摘要： 为开发碳纤维/木基复合材,设计了全桉木、全杨木、杨桉交错、桉杨交错四种结构用桉杨复合胶合板,采用碳纤维(CF)进行表面增强,研究增强前后桉杨复合胶合板的物理力学性能以及保温性能,探讨老化前后四种结构之间的性能变化。结果表明:经碳纤维表面增强后,桉杨交错结构吸水厚度膨胀率为2.6%,下降幅度为44.7%,吸水率下降幅度为46.5%;四种结构浸渍剥离性能均满足标准,最好为桉杨交错结构;桉杨交错结构老化前纵向静曲强度为98.5 MPa,提高率为107.4%,纵向弹性模量为15810 MPa,提高率为129.8%,老化后杨桉交错结构纵向弹性模量为10150 MPa,提高率为176.3%,且杨桉交错结构胶合强度可达1.74 MPa,但对于横向静曲强度、弹性模量和胶合强度提高均较小。

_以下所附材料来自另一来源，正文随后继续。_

(* Let $c(t)=\sum_{n\ge0}c_nt^n\in\mathbb Q[h,\beta,\gamma][[t]]$. Then $$\Big(1-\frac\beta4t^2\Big)^2\frac{d}{dt}c(t)=(c(t)-1)\Big(h\Big(1-\frac\beta4t^2\Big)-\gamma\frac{t^2}2\Big).$$
   Context: $h,\beta,\gamma$ are formal variables. The $c_n\in\mathbb Q[h,\beta,\gamma]$ are defined by $c_0=2$ and, for $n\ge1$, by $\log\big(1+\sum_{n\ge1}c_nt^n\big)=\sum_{m\ge1}(-1)^{m-1}(m-1)!\,\mathrm{ch}_mt^m$, where $\mathrm{ch}_1=h$, $\mathrm{ch}_{2n}=0$, and $\mathrm{ch}_{2n-1}=\frac1{(2n-1)!}\big(\frac{\beta h}4-\frac{n-1}2\gamma\big)\big(\frac\beta4\big)^{n-2}$ for $n\ge2$ (i.e. $1+\sum_{n\ge1}c_nt^n$ is the total Chern polynomial of a virtual class with Chern character components $\mathrm{ch}_m$). *)

From mathcomp Require Import all_boot all_order all_algebra.
From mathcomp Require Import mpoly.
Set Implicit Arguments. Unset Strict Implicit. Unset Printing Implicit Defensive.
Import GRing.Theory.
Local Open Scope ring_scope.

Definition P := {mpoly rat[3]}.
Definition vh : P := 'X_(@Ordinal 3 0 isT).
Definition vbeta : P := 'X_(@Ordinal 3 1 isT).
Definition vgamma : P := 'X_(@Ordinal 3 2 isT).
Definition qc (q : rat) : P := q%:MP.

Definition ps := nat -> P.
Definition ps_const (a : P) : ps := fun n => if n == 0%N then a else 0.
Definition ps_t : ps := fun n => if n == 1%N then 1 else 0.
Definition ps_add (f g : ps) : ps := fun n => f n + g n.
Definition ps_sub (f g : ps) : ps := fun n => f n - g n.
Definition ps_scale (a : P) (f : ps) : ps := fun n => a * f n.
Definition ps_mul (f g : ps) : ps :=
  fun n => \sum_(i < n.+1) f i * g (n - i)%N.
Definition ps_pow (f : ps) (k : nat) : ps := iter k (ps_mul f) (ps_const 1).
Definition ps_deriv (f : ps) : ps := fun n => (n.+1)%:R * f n.+1.

(* Formal logarithm log(1 + X) = sum_{k>=1} (-1)^(k-1) X^k / k, for X with
   zero constant term; the coefficient of t^n only involves k <= n
   (the terms k > n vanish since X(0) = 0), so this truncation is exact. *)
Definition ps_log1p (X : ps) : ps :=
  fun n => \sum_(1 <= k < n.+1) qc ((-1) ^+ k.-1 / k%:R) * ps_pow X k n.

Definition ch (m : nat) : P :=
  if m == 1%N then vh
  else if ~~ odd m then 0
  else let n := (m.+1 %/ 2)%N in   (* m = 2n - 1, n >= 2 *)
       qc (1 / (m`!)%:R) *
       (vbeta * vh * qc (1 / 4) - qc ((n.-1)%:R / 2) * vgamma) *
       (vbeta * qc (1 / 4)) ^+ (n - 2).

Definition c_defining (c : nat -> P) : Prop :=
  c 0%N = 2 /\
  forall m : nat, (0 < m)%N ->
    ps_log1p (fun n => if n == 0%N then 0 else c n) m
    = qc ((-1) ^+ m.-1 * (m.-1)`!%:R) * ch m.

(* Since c_0 = 2, c(t) - 1 = 1 + x(t) with x(0) = 0, and the definition says that
   log(1 + x) = l(t) := sum_m (-1)^(m-1) (m-1)! ch_m t^m.  Differentiating gives
   c' = x' = (1 + x) l' = (c - 1) l'.  The series l' is explicit: it vanishes in odd
   degrees, is h in degree 0 and (beta h/4 - j gamma/2) (beta/4)^(j-1) in degree 2j >= 2,
   an affine function of j times a geometric sequence of ratio beta/4.  Such a sequence
   is killed by the second difference at ratio beta/4, so (1 - beta/4 t^2)^2 l' is the
   polynomial h (1 - beta/4 t^2) - gamma t^2/2.  Series identities are checked
   coefficientwise on polynomial truncations. *)
From mathcomp Require Import all_boot all_order all_algebra.
From mathcomp Require Import mpoly.
From mathcomp Require Import ring.
Set Implicit Arguments. Unset Strict Implicit. Unset Printing Implicit Defensive.
Import GRing.Theory.
Local Open Scope ring_scope.

Section PolyLowCoef.
Variable R : comNzRingType.

Definition eq_upto (N : nat) (p q : {poly R}) := forall m, (m <= N)%N -> p`_m = q`_m.

Lemma eq_upto_trans N p q r : eq_upto N p q -> eq_upto N q r -> eq_upto N p r.
Proof. by move=> Hpq Hqr m Hm; rewrite Hpq // Hqr. Qed.

Lemma eq_upto_mull N r p q : eq_upto N p q -> eq_upto N (r * p) (r * q).
Proof.
move=> Hpq m Hm; rewrite !coefM; apply: eq_bigr => i _.
by rewrite Hpq // (leq_trans (leq_subr _ _) Hm).
Qed.

Lemma coef_exp_small (p : {poly R}) k m : p`_0 = 0 -> (m < k)%N -> (p ^+ k)`_m = 0.
Proof.
move=> p0; elim: k m => [//|k IHk] m lt_mk; rewrite exprS coefM big1 // => -[[|j] ltj] _ /=.
  by rewrite p0 mul0r.
rewrite IHk ?mulr0 // ltn_subLR // addSn ltnS (leq_trans _ (leq_addl _ _)) //.
Qed.

Lemma mul_geometric_sum (x : {poly R}) N :
  (1 + x) * \sum_(0 <= i < N) (- x) ^+ i = 1 - (- x) ^+ N.
Proof. by rewrite big_mkord -opprB subrX1 -mulNr opprB opprK. Qed.

End PolyLowCoef.

Definition agree_upto (N : nat) (f : ps) (p : {poly P}) :=
  forall m, (m <= N)%N -> f m = p`_m.

Definition trunc (N : nat) (f : ps) : {poly P} := \poly_(i < N.+1) f i.

Lemma agree_upto_trunc N f : agree_upto N f (trunc N f).
Proof. by move=> m Hm; rewrite coef_poly ltnS Hm. Qed.

Lemma agree_upto_const N a : agree_upto N (ps_const a) a%:P.
Proof. by move=> m _; rewrite coefC. Qed.

Lemma agree_upto_t N : agree_upto N ps_t 'X.
Proof. by move=> m _; rewrite /ps_t coefX; case: (m == 1%N). Qed.

Lemma agree_upto_sub N f g p q :
  agree_upto N f p -> agree_upto N g q -> agree_upto N (ps_sub f g) (p - q).
Proof. by move=> Hf Hg m Hm; rewrite /ps_sub coefB Hf // Hg. Qed.

Lemma agree_upto_scale N a f p : agree_upto N f p -> agree_upto N (ps_scale a f) (a%:P * p).
Proof. by move=> Hf m Hm; rewrite /ps_scale coefCM Hf. Qed.

Lemma agree_upto_mul N f g p q :
  agree_upto N f p -> agree_upto N g q -> agree_upto N (ps_mul f g) (p * q).
Proof.
move=> Hf Hg m Hm; rewrite /ps_mul coefM; apply: eq_bigr => i _.
rewrite Hf ?Hg //; apply: leq_trans Hm; [exact: leq_subr | by rewrite -ltnS].
Qed.

Lemma agree_upto_pow N f p k : agree_upto N f p -> agree_upto N (ps_pow f k) (p ^+ k).
Proof.
move=> Hf; elim: k => [|k IHk]; first by rewrite expr0 -polyC1; apply: agree_upto_const.
by rewrite exprS /ps_pow iterS; apply: agree_upto_mul.
Qed.

Lemma agree_upto_sqr_t N : agree_upto N (ps_mul ps_t ps_t) ('X * 'X).
Proof. exact: agree_upto_mul (@agree_upto_t N) (@agree_upto_t N). Qed.

Definition log_coef (k : nat) : P := qc ((-1) ^+ k.-1 / k%:R).

Definition log1p_poly (N : nat) (x : {poly P}) : {poly P} :=
  \sum_(1 <= k < N.+1) (log_coef k)%:P * x ^+ k.

Lemma ps_log1p_trunc N X : X 0%N = 0 ->
  agree_upto N (ps_log1p X) (log1p_poly N (trunc N X)).
Proof.
move=> X0 m le_mN; have trX0 : (trunc N X)`_0 = 0 by rewrite coef_poly.
rewrite /ps_log1p /log1p_poly coef_sum.
rewrite (@big_cat_nat _ _ _ m.+1 1 N.+1) ?ltnS //=.
rewrite [X in _ + X]big_nat_cond [X in _ + X]big1 ?addr0 => [|k /andP[/andP[lt_mk _] _]].
  apply: eq_bigr => k _; rewrite coefCM (agree_upto_pow k (@agree_upto_trunc N X)) //.
by rewrite coefCM coef_exp_small ?mulr0.
Qed.

Lemma log_coef_mulrn k : (0 < k)%N -> log_coef k *+ k = (-1) ^+ k.-1.
Proof.
move=> k_gt0; rewrite /log_coef /qc -rmorphMn -mulr_natr divfK.
  by rewrite rmorphXn rmorphN1.
by rewrite Num.Theory.pnatr_eq0 -lt0n.
Qed.

Lemma deriv_log1p_poly N x : (log1p_poly N x)^`() = x^`() * \sum_(0 <= i < N) (- x) ^+ i.
Proof.
rewrite /log1p_poly raddf_sum /= mulr_sumr big_add1 /=; apply: eq_big_nat => k lt_kN.
rewrite deriv_mulC deriv_exp /= mulrnAr -mulrnAl -raddfMn /= log_coef_mulrn //.
by rewrite rmorphXn rmorphN1 [in RHS]exprNn /=; ring.
Qed.

Lemma mul_deriv_log1p_poly N (x : {poly P}) : x`_0 = 0 ->
  eq_upto N x^`() ((1 + x) * (log1p_poly N.+1 x)^`()).
Proof.
move=> x0 m le_mN; apply/esym.
rewrite deriv_log1p_poly mulrCA mul_geometric_sum mulrBr mulr1 coefB.
rewrite [X in _ - X]coefM big1 ?subr0 // => -[j ltj] _ /=.
rewrite coef_exp_small ?mulr0 ?coefN ?x0 ?oppr0 //.
by rewrite ltnS (leq_trans (leq_subr _ _) le_mN).
Qed.

Lemma fact_ratio k : 1 * k`!%:R * (1 / (k.+1)`!%:R) *+ k.+1 = 1 :> rat.
Proof.
have fact_neq0 n : (n`!%:R : rat) != 0 by rewrite Num.Theory.pnatr_eq0 -lt0n fact_gt0.
by rewrite mul1r factS natrM -mulr_natr; field; rewrite fact_neq0 nat1r Num.Theory.pnatr_eq0.
Qed.

Lemma qc1 : qc 1 = 1.
Proof. exact: rmorph1. Qed.

Lemma qc_nat_half j : qc (j%:R / 2) = j%:R * qc (1 / 2).
Proof. by rewrite /qc rmorphM /= rmorph_nat div1r. Qed.

Definition bb : P := vbeta * qc (1 / 4).

Definition logc_coef (m : nat) : P := qc ((-1) ^+ m.-1 * (m.-1)`!%:R) * ch m.

(* [dlog_even j] is the coefficient of t^(2j) in l'(t) = d/dt log(c(t) - 1). *)
Definition dlog_even (j : nat) : P :=
  if j is j'.+1 then (vbeta * vh * qc (1 / 4) - qc (j%:R / 2) * vgamma) * bb ^+ j'
  else vh.

Definition dlog_coef (i : nat) : P := if odd i then 0 else dlog_even i./2.

Lemma logc_coef_mulrn i : logc_coef i.+1 *+ i.+1 = dlog_coef i.
Proof.
rewrite /logc_coef /dlog_coef /ch /=; have [i_odd|i_even] := boolP (odd i).
  by case: i i_odd => [|i] //= _; rewrite mulr0 mul0rn.
rewrite -[i](odd_double_half i) (negbTE i_even) add0n doubleK.
case: i./2 => [|j]; first by rewrite /= qc1 !mul1r.
have -> : (j.+1.*2.+2 %/ 2 = j.+2)%N by rewrite -doubleS -muln2 mulnK.
rewrite /= subSS subSS subn0 -muln2 exprM sqrr_sign; set k := (j.+1 * 2)%N.
have qc_factor x y (S T : P) : qc x * (qc y * S * T) *+ k.+1 = qc (x * y *+ k.+1) * (S * T).
  by rewrite /qc rmorphMn rmorphM; ring.
rewrite qc_factor (_ : _ *+ k.+1 = 1); last exact: fact_ratio.
by rewrite qc1 mul1r.
Qed.

(* [dlog_even j.+1] is affine in j times bb^j; the value at j = 0 fits the pattern too. *)
Lemma dlog_even_recurrence j :
  dlog_even j.+2 - bb *+ 2 * dlog_even j.+1 + bb ^+ 2 * dlog_even j = 0.
Proof. by case: j => [|j]; rewrite /dlog_even /bb !qc_nat_half ?exprS; ring. Qed.

Definition Ap : {poly P} := 1 - bb%:P * ('X * 'X).
Definition Rp : {poly P} := vh%:P * Ap - (vgamma * qc (1 / 2))%:P * ('X * 'X).
Definition dlog_poly (n : nat) : {poly P} := \poly_(i < n.+1) dlog_coef i.

Lemma sqr_Ap_mul_dlog_poly n : eq_upto n (Ap * Ap * dlog_poly n) Rp.
Proof.
have -> : Ap * Ap * dlog_poly n = dlog_poly n - (bb *+ 2)%:P * ('X^2 * dlog_poly n)
                                 + (bb ^+ 2)%:P * ('X^4 * dlog_poly n).
  by rewrite /Ap raddfMn rmorphXn /=; ring.
move=> m le_mn; rewrite coefD coefB !coefCM !coefXnM.
rewrite /Rp coefB !coefCM /Ap coefB coefCM -expr2 coefXn coef1 !coef_poly.
rewrite !ltnS le_mn !(leq_trans (leq_subr _ _) le_mn) {le_mn}.
case: m => [|[|[|[|m]]]]; rewrite /dlog_coef /=;
  try by rewrite /dlog_even /bb ?qc_nat_half; ring.
rewrite !subSS subn0 !negbK; case: (odd m) => /=; first ring.
by have /= -> := dlog_even_recurrence m./2; ring.
Qed.

Lemma agree_upto_Ap N :
  agree_upto N (ps_sub (ps_const 1) (ps_scale bb (ps_mul ps_t ps_t))) Ap.
Proof.
apply: agree_upto_sub; first by rewrite -polyC1; apply: agree_upto_const.
exact/agree_upto_scale/agree_upto_sqr_t.
Qed.

Lemma agree_upto_Rp N :
  agree_upto N (ps_sub (ps_scale vh (ps_sub (ps_const 1) (ps_scale bb (ps_mul ps_t ps_t))))
                       (ps_scale (vgamma * qc (1 / 2)) (ps_mul ps_t ps_t))) Rp.
Proof.
by apply: agree_upto_sub; apply: agree_upto_scale; [apply: agree_upto_Ap | apply: agree_upto_sqr_t].
Qed.

Definition nonconst (c : ps) : ps := fun n => if n == 0%N then 0 else c n.

Lemma c_log_derivative c n : c_defining c ->
  eq_upto n (trunc n.+1 (nonconst c))^`() ((1 + trunc n.+1 (nonconst c)) * dlog_poly n).
Proof.
move=> [_ log_c]; set x := trunc n.+1 (nonconst c).
have x0 : x`_0 = 0 by rewrite coef_poly.
apply: eq_upto_trans (mul_deriv_log1p_poly x0) (eq_upto_mull _ _) => m le_mn.
rewrite coef_deriv coef_poly ltnS le_mn -(@ps_log1p_trunc n.+1) ?ltnS //.
by rewrite log_c // -logc_coef_mulrn.
Qed.

Theorem lemma4p1 (c : nat -> P) :
  c_defining c ->
  let A : ps := ps_sub (ps_const 1)
                  (ps_scale (vbeta * qc (1 / 4)) (ps_mul ps_t ps_t)) in
  forall n : nat,
    ps_mul (ps_mul A A) (ps_deriv c) n
    = ps_mul (ps_sub c (ps_const 1))
        (ps_sub (ps_scale vh A)
                (ps_scale (vgamma * qc (1 / 2)) (ps_mul ps_t ps_t))) n.
Proof.
move=> c_def A n; set x := trunc n.+1 (nonconst c).
have agree_dc : agree_upto n (ps_deriv c) x^`().
  by move=> m le_mn; rewrite coef_deriv coef_poly !ltnS le_mn /ps_deriv mulr_natl.
have agree_c1 : agree_upto n (ps_sub c (ps_const 1)) (1 + x).
  move=> m le_mn; rewrite /ps_sub /ps_const coefD coef1 coef_poly.
  case: m le_mn => [|m] le_mn /=; first by rewrite c_def.1; ring.
  by rewrite ltnS (leq_trans le_mn) // subr0 add0r.
have agree_A : agree_upto n A Ap := @agree_upto_Ap n.
rewrite (agree_upto_mul (agree_upto_mul agree_A agree_A) agree_dc) //.
rewrite (agree_upto_mul agree_c1 (@agree_upto_Rp n)) //.
have log_der := eq_upto_mull (Ap * Ap) (@c_log_derivative c n c_def).
rewrite -/x mulrCA in log_der.
exact: eq_upto_trans log_der (eq_upto_mull _ (@sqr_Ap_mul_dlog_poly n)) _ (leqnn n).
Qed.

综合而言,碳纤维增强后物理力学性能较好的结构为杨桉交错和桉杨交错,总体反映了桉杨复合胶合板结构上纵横强度比差异较大,在实际应用中根据需求调整纵横强度设计比例;经碳纤维表面增强后桉杨复合胶合板导热系数均值为0.44 W/(m·℃),导热系数值接近保温材料,碳纤维表面增强后对其保温性能影响不明显。

关键词: 碳纤维, 桉杨复合板, 集装箱

Abstract: In order to develop carbon fiber reinforced wood-based composites, four kinds of structure with eucalyptus-poplar composite panel were designed with eucalyptus/eucalyptus, poplar/poplar, crossed poplar/eucalyptus and eucalyptus/poplar, and the carbon fiber (CF) was covered on the surface of composite panel to enhance its properties. The physical mechanical properties and thermal insulation properties of CF reinforced eucalyptus-poplar composite panel were analyzed and the performance changes were discussed before and after aging. After the carbon fiber surface enhancement, the physical and mechanical properties of the four kinds of eucalyptus-poplar composite panel have been greatly improved. Among them, the expansion rate of water absorption of eucalyptus/poplar was 2.6%, for which the decrease rate was 44.7%, and the water absorption rate decreased by 46.5%. The delamination properties of the four structures all meet the standard, and the best was poplar/eucalyptus. The longitudinal modulus of rupture of eucalyptus/poplar was 98.5 MPa before aging, and the improvement rate was 107.4%. The longitudinal modulus of elasticity of eucalyptus/poplar was 15810 MPa before aging, for which the improvement rate was 129.8%. The longitudinal modulus of elasticity of the aged poplar/eucalyptus was 10150 MPa, for which the increased rate was 176.3%, and the bonding strength of poplar/eucalyptus was up to 1.74 MPa. Whereas, the transverse modulus of rupture, modulus of elasticity and bonding strength of the composites were smaller than those of the control group. Overall, the structure of poplar/eucalyptus and eucalyptus/poplar by the carbon fiber enhanced surface had better physical and mechanical properties, and the ratio of longitudinal and transverse strength of the eucalyptus-poplar composite panel was quite different. In the practical application, the aspect ratio of longitudinal and transverse strength need to be adjusted according to the demand. After the surface enhancement of the carbon fiber, the average thermal conductivity of eucalyptus-poplar composite panel was 0.44 W/(m·℃). As indicated, and the thermal conductivity was close to the insulation, and the effect of carbon fiber on the thermal insulation properties of eucalyptus-poplar composite panel was not significant.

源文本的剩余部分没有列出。